**Instructions for the task:** Write out each line exactly, starting with the one containing "- have [u u_inv] := nilpotent_left_unit_subr (nilpotentN" and stopping after the last line of the listing below.

***

(* If $R$ is a GSWNC ring, then its Jacobson radical $J(R)$ is nil.
   Context: All rings are associative with identity. An element $a$ of a ring is strongly weakly nil-clean if there exist an idempotent $e$ and a nilpotent $q$ with $eq = qe$ such that $a = q + e$ or $a = q - e$. A ring is GSWNC if every non-invertible element is strongly weakly nil-clean. *)

From HB Require Import structures.
From mathcomp Require Import all_boot all_order all_algebra.
Set Implicit Arguments. Unset Strict Implicit. Unset Printing Implicit Defensive.
Import GRing.Theory.
Local Open Scope ring_scope.

Definition invertible (R : pzRingType) (a : R) : Prop :=
  exists b : R, a * b = 1 /\ b * a = 1.

Definition idempotent (R : pzRingType) (e : R) : Prop := e * e = e.

Definition nilpotent (R : pzRingType) (q : R) : Prop := exists n : nat, q ^+ n = 0.

Definition SWNC (R : pzRingType) (a : R) : Prop :=
  exists e q : R, idempotent e /\ nilpotent q /\ e * q = q * e /\
    (a = q + e \/ a = q - e).

Definition GSWNC (R : pzRingType) : Prop :=
  forall a : R, ~ invertible a -> SWNC a.

Definition left_ideal (R : pzRingType) (I : R -> Prop) : Prop :=
  I 0 /\ (forall x y, I x -> I y -> I (x - y)) /\ (forall r x, I x -> I (r * x)).

Definition maximal_left_ideal (R : pzRingType) (M : R -> Prop) : Prop :=
  left_ideal M /\ ~ M 1 /\
  (forall I : R -> Prop, left_ideal I -> (forall x, M x -> I x) ->
     I 1 \/ (forall x, I x -> M x)).

Definition jacobson (R : pzRingType) : R -> Prop :=
  fun x => forall M : R -> Prop, maximal_left_ideal M -> M x.

Definition nil_set (R : pzRingType) (S : R -> Prop) : Prop :=
  forall x, S x -> nilpotent x.

(* Every x in J(R) is non-invertible (unless R = 0), so x = q + e or x = q - e
   with e idempotent and q nilpotent.  Then xe = (1 + q)e or xe = -(1 - q)e, and
   1 + q, 1 - q are units, so e = r x e for some r.  Since 1 - r x is left
   invertible for x in J(R), (1 - r x) e = 0 forces e = 0, hence x = q. *)
From mathcomp Require Import all_boot all_order all_algebra.
From mathcomp Require Import boolp classical_sets.
Set Implicit Arguments. Unset Strict Implicit.
Import GRing.Theory.
Local Open Scope ring_scope.
Local Open Scope classical_set_scope.

Section Ideals.
Variable R : pzRingType.
Implicit Types (x y r : R) (I A : set R).

Lemma left_idealD I x y : left_ideal I -> I x -> I y -> I (x + y).
Proof.
move=> [I0 [IB _]] Ix Iy.
by rewrite -[y]opprK -[- y]sub0r; apply: (IB) => //; apply: (IB).
Qed.

Lemma left_ideal_range_mulr x : left_ideal (range ( *%R^~ x)).
Proof.
split; first by exists 0; rewrite ?mul0r.
split; first by move=> _ _ [s _ <-] [t _ <-]; exists (s - t); rewrite ?mulrBl.
by move=> r _ [s _ <-]; exists (r * s); rewrite ?mulrA.
Qed.

Definition proper_left_ideal_over I A := [/\ left_ideal A, I `<=` A & ~ A 1].

Lemma left_ideal_bigcup_chain (F : set (set R)) :
    (forall A, F A -> A = set0 \/ left_ideal A) -> total_on F subset ->
  \bigcup_(A in F) A !=set0 -> left_ideal (\bigcup_(A in F) A).
Proof.
move=> Fideal Ftot [x0 [X0 FX0 X0x0]].
have ideal_of A x : F A -> A x -> left_ideal A.
  by move=> FA Ax; case: (Fideal A FA) => // A0; rewrite A0 in Ax.
split; first by exists X0 => //; case: (ideal_of _ _ FX0 X0x0).
split.
- move=> x y [X FX Xx] [Y FY Yy].
  have [XY|YX] := Ftot X Y FX FY.
  + have [_ [YB _]] := ideal_of _ _ FY Yy.
    by exists Y => //; apply: YB => //; apply: XY.
  + have [_ [XB _]] := ideal_of _ _ FX Xx.
    by exists X => //; apply: XB => //; apply: YX.
- move=> r x [X FX Xx]; have [_ [_ XM]] := ideal_of _ _ FX Xx.
  by exists X => //; apply: XM.
Qed.

Lemma maximal_left_ideal_ext I : left_ideal I -> ~ I 1 ->
  exists2 M, maximal_left_ideal M & I `<=` M.
Proof.
move=> LI nI1.
(* [set0] is admitted so that the empty chain has an upper bound. *)
pose P A := A = set0 \/ proper_left_ideal_over I A.
have [A [PA Amax]] : exists A, P A /\ forall B, A `<` B -> ~ P B.
  apply: Zorn_bigcup => F FP Ftot.
  have [->|/set0P UF] := eqVneq (\bigcup_(X in F) X) set0; first by left.
  have [x0 [X0 FX0 X0x0]] := UF.
  have [X00|[_ IX0 _]] := FP X0 FX0; first by rewrite X00 in X0x0.
  right; split.
  - by apply: left_ideal_bigcup_chain => // X /FP [->|[]]; [left|right].
  - by move=> x Ix; exists X0 => //; apply: IX0.
  - by move=> [X /[dup] FX /FP [->|[]]].
have [A0|[LA IA nA1]] := PA.
  exfalso; apply: (Amax I); last by right; split.
  by rewrite A0; split=> // sI0; apply: (sI0 0); case: LI.
exists A => //; split=> //; split=> // J LJ AJ.
have [J1|nJ1] := lem (J 1); [by left | right].
apply: contrapT => nJA; apply: (Amax J); first by split.
by right; split=> // x /IA /AJ.
Qed.

End Ideals.

Section Jacobson.
Variables (R : pzRingType) (x : R).
Hypothesis Jx : jacobson x.

Lemma jacobson_left_unit r : exists s, s * (1 - r * x) = 1.
Proof.
apply: contrapT => nunit.
have nI1 : ~ range ( *%R^~ (1 - r * x)) 1 by move=> [s _ s1]; apply: nunit; exists s.
have [M maxM IM] := maximal_left_ideal_ext (left_ideal_range_mulr _) nI1.
have [LM [nM1 _]] := maxM; have [_ [_ MM]] := LM.
apply: nM1; rewrite -(subrK (r * x) 1).
apply: left_idealD => //; first by apply: IM; exists 1; rewrite ?mul1r.
by apply: MM; apply: Jx.
Qed.

Lemma jacobson_left_regular r e : e = r * x * e -> e = 0.
Proof.
move=> e_eq; have [s s_inv] := jacobson_left_unit r.
by rewrite -[e]mul1r -s_inv -mulrA mulrBl mul1r -e_eq subrr mulr0.
Qed.

Lemma jacobson_invertible_trivial : invertible x -> (1 : R) = 0.
Proof. by move=> [b [_ bx1]]; apply: (jacobson_left_regular (r := b)); rewrite mulr1. Qed.

End Jacobson.

Section Nilpotent.
Variable R : pzRingType.
Implicit Types x e q : R.

Lemma nilpotentN q : nilpotent q -> nilpotent (- q).
Proof. by case=> n qn0; exists n; rewrite exprNn qn0 mulr0. Qed.

Lemma nilpotent_left_unit_subr q : nilpotent q -> exists u, u * (1 - q) = 1.
Proof.
case=> n qn0; exists (\sum_(i < n) q ^+ i).
have cqS : GRing.comm q (\sum_(i < n) q ^+ i).
  by apply: commr_sum => i _; apply: commrX.
rewrite (commrB (commr1 _) (commr_sym cqS)) -opprB mulNr -subrX1.
by rewrite qn0 sub0r opprK.
Qed.

Lemma idempotent_left_multiple x e q : idempotent e -> nilpotent q ->
  x = q + e \/ x = q - e -> exists r, e = r * x * e.
Proof.
move=> e_idem q_nil [->|->].
- have [u u_inv] := nilpotent_left_unit_subr (nilpotentN q_nil).
  have xe : (q + e) * e = (1 - - q) * e.
    by rewrite opprK mulrDl e_idem mulrDl mul1r addrC.
  by exists u; rewrite -mulrA xe mulrA u_inv mul1r.
- have [u u_inv] := nilpotent_left_unit_subr q_nil.
  have xe : (q - e) * e = - ((1 - q) * e).
    by rewrite mulrBl e_idem mulrBl mul1r opprB.
  by exists (- u); rewrite -mulrA xe mulrN mulNr opprK mulrA u_inv mul1r.
Qed.

End Nilpotent.

Theorem lemma2p10 (R : pzRingType) : GSWNC R -> nil_set (@jacobson R).
Proof.
move=> R_gswnc x Jx.
have [x_inv|/R_gswnc [e [q [e_idem [q_nil [_ x_eq]]]]]] := lem (invertible x).
  by exists 1%N; rewrite -[x]mul1r (jacobson_invertible_trivial Jx x_inv) mul0r.
have [r e_eq] := idempotent_left_multiple e_idem q_nil x_eq.
have e0 := jacobson_left_regular Jx e_eq.
by case: x_eq; rewrite e0 ?addr0 ?subr0 => ->.
Qed.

***

**Solved exercise:**
- have [u u_inv] := nilpotent_left_unit_subr (nilpotentN q_nil).
  have xe : (q + e) * e = (1 - - q) * e.
    by rewrite opprK mulrDl e_idem mulrDl mul1r addrC.
  by exists u; rewrite -mulrA xe mulrA u_inv mul1r.
- have [u u_inv] := nilpotent_left_unit_subr q_nil.
  have xe : (q - e) * e = - ((1 - q) * e).
    by rewrite mulrBl e_idem mulrBl mul1r opprB.
  by exists (- u); rewrite -mulrA xe mulrN mulNr opprK mulrA u_inv mul1r.
Qed.

End Nilpotent.

Theorem lemma2p10 (R : pzRingType) : GSWNC R -> nil_set (@jacobson R).
Proof.
move=> R_gswnc x Jx.
have [x_inv|/R_gswnc [e [q [e_idem [q_nil [_ x_eq]]]]]] := lem (invertible x).
  by exists 1%N; rewrite -[x]mul1r (jacobson_invertible_trivial Jx x_inv) mul0r.
have [r e_eq] := idempotent_left_multiple e_idem q_nil x_eq.
have e0 := jacobson_left_regular Jx e_eq.
by case: x_eq; rewrite e0 ?addr0 ?subr0 => ->.
Qed.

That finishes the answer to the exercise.